Trata-se de embargos de declaração opostos pela reclamada sob o argumento de que haveria vícios de expressão no julgado.
É o relatório.
V O T O
1 - CONHECIMENTO
Conheço dos embargos de declaração porque atendidos os pressupostos legais de admissibilidade.
2 - MÉRITO
A reclamada sustenta que o acórdão embargado considerou como inovatória a tese de licitude da terceirização. Afirma que há contradição no acórdão embargado, uma vez que assevera se tratar de inovação a invocação do Tema 725, quando na verdade a decisão que o fez existir transitou em julgado apenas após o protocolo do Recurso de Revista e vincula a decisão dos Tribunais Regionais Trabalhistas. Consta na decisão embargada:
A reclamada sustenta que o reclamante era profissional autônomo. Afirma, ainda, ser lícita a terceirização de serviço, nos moldes do Tema 725 de repercussão geral. Aponta violação dos artigos 3º e 818 da CLT e 373 do CPC.
Sem razão.
O Regional decidiu:
Trata-se de ação ajuizada pelo reclamante contra WAM Brasil Negócios Inteligentes S.A., em que pleiteia o reconhecimento da existência de vínculo de emprego no período 21/06/2017 a 24/08/2018 na função de promotor de marketing (captador de clientes).
Nos termos da defesa a primeira reclamada admite ter sido beneficiária da força de trabalho do autor, sendo dela, portanto, o ônus de demonstrar que isso se deu não por força de uma relação de cunho empregatício, enquanto fato impeditivo, modificativo ou extintivo do direito, tendo aplicação, ao caso, o inciso II do artigo 373 do Código de Processo Civil.
Pela previsão constante dos artigos 2º e 3º da CLT, a relação de emprego se configura sempre que uma pessoa física presta pessoalmente serviços de natureza não eventual, de forma subordinada, mediante contraprestação salarial, em benefício de outrem que assume os riscos da atividade econômica. Isso independe da atividade profissional do prestador de serviços, qualquer que seja a denominação ou caracterização arbitrária à relação e até mesmo contrariamente à intenção das partes.
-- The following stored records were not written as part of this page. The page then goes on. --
Lemma qbinom_pascal_sum q n (A : nat -> C) : (Cmod q < 1)%R ->
  Csum (fun k => qbinom q (S n) k * A k) (S n)
  = Csum (fun k => qbinom q n k * (A (S k) + pow_n q k * A k)) n.
Proof.
  intros hq.
  (* [qbinom q n k] is junk for [k > n]; [B] extends it by zero. *)
  set (B n k := if (k <=? n)%nat then qbinom q n k else 0).
  assert (B_le : forall n k, (k <= n)%nat -> B n k = qbinom q n k).
  { intros m k hk. unfold B. now rewrite (proj2 (Nat.leb_le k m) hk). }
  assert (B_gt : B n (S n) = 0).
  { unfold B. now rewrite (proj2 (Nat.leb_gt (S n) n) (Nat.lt_succ_diag_r n)). }
  assert (B_pascal : forall k, B (S n) (S k) = B n k + pow_n q (S k) * B n (S k)).
  { intros k. destruct (Compare_dec.lt_eq_lt_dec k n) as [[hk|<-]|hk].
    - rewrite !B_le by lia. now apply qbinom_pascal.
    - rewrite B_gt, !B_le, !qbinom_nn by (auto; lia). ring.
    - unfold B. rewrite !(proj2 (Nat.leb_gt _ _)) by lia. ring. }
  set (g k := pow_n q k * B n k * A k).
  transitivity (Csum (fun k => B (S n) k * A k) (S n)).
  { apply Csum_ext_loc. intros k hk. now rewrite B_le. }
  transitivity (Csum (fun k => B n k * A (S k)) n + Csum g n).
  2:{ rewrite <- Csum_plus. apply Csum_ext_loc. intros k hk. unfold g.
      rewrite B_le by exact hk. ring. }
  assert (g_shift : Csum (fun k => g (S k)) n = Csum g n - g 0%nat).
  { assert (g_last : g (S n) = 0) by (unfold g; rewrite B_gt; ring).
    assert (e := Csum_shift g n). rewrite Csum_S, g_last in e.
    transitivity (g 0%nat + Csum (fun k => g (S k)) n - g 0%nat); [ring | rewrite <- e; ring]. }
  rewrite Csum_shift, B_le, qbinom_n0 by (auto; lia).
  rewrite (Csum_ext_loc _ (fun k => B n k * A (S k) + g (S k)))
    by (intros k _; unfold g; rewrite B_pascal; ring).
  rewrite Csum_plus, g_shift. unfold g. rewrite pow_n_O, B_le, qbinom_n0 by (auto; lia). ring.
Qed.

Definition rhs_sum q x y t n : C :=
  Csum (fun k => qbinom q n k * (qpoch y q k * qpoch (x * t) q k) / qpoch (y * t) q k
                 * pow_n x (n - k)) n.

Lemma rhs_sum_S q x y t n : (Cmod q < 1)%R -> 1 - x * t <> 0 -> qpoch (y * t) q (S n) <> 0 ->
  t * rhs_sum q x y t (S n)
  = rhs_sum q x y t n - (1 - t) * (1 - x * t) / (1 - y * t) * rhs_sum q x y (t * q) n.
Proof.
  intros hq hxt hyt.
  destruct (qpoch_factors_neq_0 _ _ _ 0 hyt (Nat.le_0_l n)) as [_ hyt1].
  rewrite pow_n_O, Cmult_1_r in hyt1.
  set (A k := qpoch y q k * qpoch (x * t) q k / qpoch (y * t) q k * pow_n x (S n - k)).
  unfold rhs_sum.
  rewrite (Csum_ext_loc _ (fun k => qbinom q (S n) k * A k))
    by (intros k _; unfold A, Cdiv; ring).
  rewrite qbinom_pascal_sum, <- !Csum_scal, <- Csum_minus by exact hq.
  apply Csum_ext_loc. intros k hk. unfold A.
  replace (S n - S k)%nat with (n - k)%nat by lia.
  replace (S n - k)%nat with (S (n - k)) by lia.
  destruct (qpoch_factors_neq_0 _ _ _ k hyt hk) as [hyk hyk1].
  replace (x * (t * q)) with (x * t * q) by ring.
  replace (y * (t * q)) with (y * t * q) by ring.
  rewrite !qpoch_mult_q, !qpoch_S, pow_n_S by assumption.
  field. repeat split; assumption.
Qed.

Definition qbinom_Pn_sum q x y n : C :=
  Csum (fun k => qbinom q n k * Pn q x y (n - k)) n.

Definition qbinom_qpoch_sum q x y n : C :=
  Csum (fun k => qbinom q n k * qpoch y q k * pow_n x (n - k)) n.

Lemma pow_n_split (z : C) n k : (k <= n)%nat -> pow_n z k * pow_n z (n - k) = pow_n z n.
Proof. intros hk. rewrite <- pow_n_add. f_equal. lia. Qed.

Lemma qbinom_Pn_sum_S q x y n : (Cmod q < 1)%R -> q <> 0 ->
  qbinom_Pn_sum q x y (S n)
  = qbinom_Pn_sum q x y n + (x - y) * pow_n q n * qbinom_Pn_sum q (x / q) y n.
Proof.
  intros hq hq0. unfold qbinom_Pn_sum.
  rewrite qbinom_pascal_sum, <- Csum_scal, <- Csum_plus by exact hq.
  apply Csum_ext_loc. intros k hk.
  replace (S n - S k)%nat with (n - k)%nat by lia.
  replace (S n - k)%nat with (S (n - k)) by lia.
  rewrite Pn_shift.
  replace (Pn q x (q * y) (n - k)) with (Pn q (q * (x / q)) (q * y) (n - k))
    by (f_equal; field; exact hq0).
  rewrite Pn_scale, <- (pow_n_split q n k hk). ring.
Qed.

Lemma qbinom_qpoch_sum_S q x y n : (Cmod q < 1)%R -> q <> 0 ->
  qbinom_qpoch_sum q x y (S n)
  = qbinom_qpoch_sum q x y n + (x - y) * pow_n q n * qbinom_qpoch_sum q (x / q) y n.
Proof.
  intros hq hq0. unfold qbinom_qpoch_sum.
  rewrite (Csum_ext_loc _ (fun k => qbinom q (S n) k * (qpoch y q k * pow_n x (S n - k))))
    by (intros k _; ring).
  rewrite qbinom_pascal_sum, <- Csum_scal, <- Csum_plus by exact hq.
  apply Csum_ext_loc. intros k hk.
  replace (S n - S k)%nat with (n - k)%nat by lia.
  replace (S n - k)%nat with (S (n - k)) by lia.
  replace x with (x / q * q) at 1 2 3 by (field; exact hq0).
  rewrite qpoch_S, pow_n_S, pow_n_mult, <- (pow_n_split q n k hk).
  field. exact hq0.
Qed.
No caso, entende-se, tal qual a origem, que presentes os requisitos caracterizadores da relação de emprego. Veja-se que a prova oral dá conta da existência de cumprimento de horário e punições disciplinares, assim como da existência de superiores hierárquicos.
Ainda que se entenda que a prova testemunhal esteja dividida, registra-se que cabia à ré o ônus da prova de que a relação havida não era de emprego, da qual não se desonera.
Ressalta-se que, independentemente do aspecto formal de que se reveste o ajuste, o rótulo e os limites da contratação, e ainda que eventualmente contrário à intenção inicial das partes, sempre que uma pessoa de forma pessoal e subordinada presta serviço de natureza não-eventual a outrem que assume os riscos da atividade econômica há de ser reconhecida a relação de emprego, pois reunidos e caracterizados os pressupostos constantes dos artigos 2º e 3º da CLT.
Outrossim, o fato de eventualmente o autor não receber comissões não afasta a existência do vínculo de emprego.
Ademais, sabe-se que a reclamada não pode manter em seus quadros corretores de imóveis sem inscrição no órgão fiscalizador da profissão, considerando que se trata de atividade principal da empresa. No entanto, o
autor não possui inscrição no CRECI, não havendo que se falar em atividade de corretagem.
Logo, havendo prova do trabalho do reclamante em favor da reclamada, bem como da sua inserção tanto na estrutura quanto nos fins e objetivos da empresa, está caracterizada a subordinação jurídica do obreiro, entendendo que estão preenchidos os pressupostos dos arts. 2º e 3º da CLT.
Correto, portanto, o entendimento da sentença acerca da existência de vínculo de emprego entre o autor e a primeira reclamada.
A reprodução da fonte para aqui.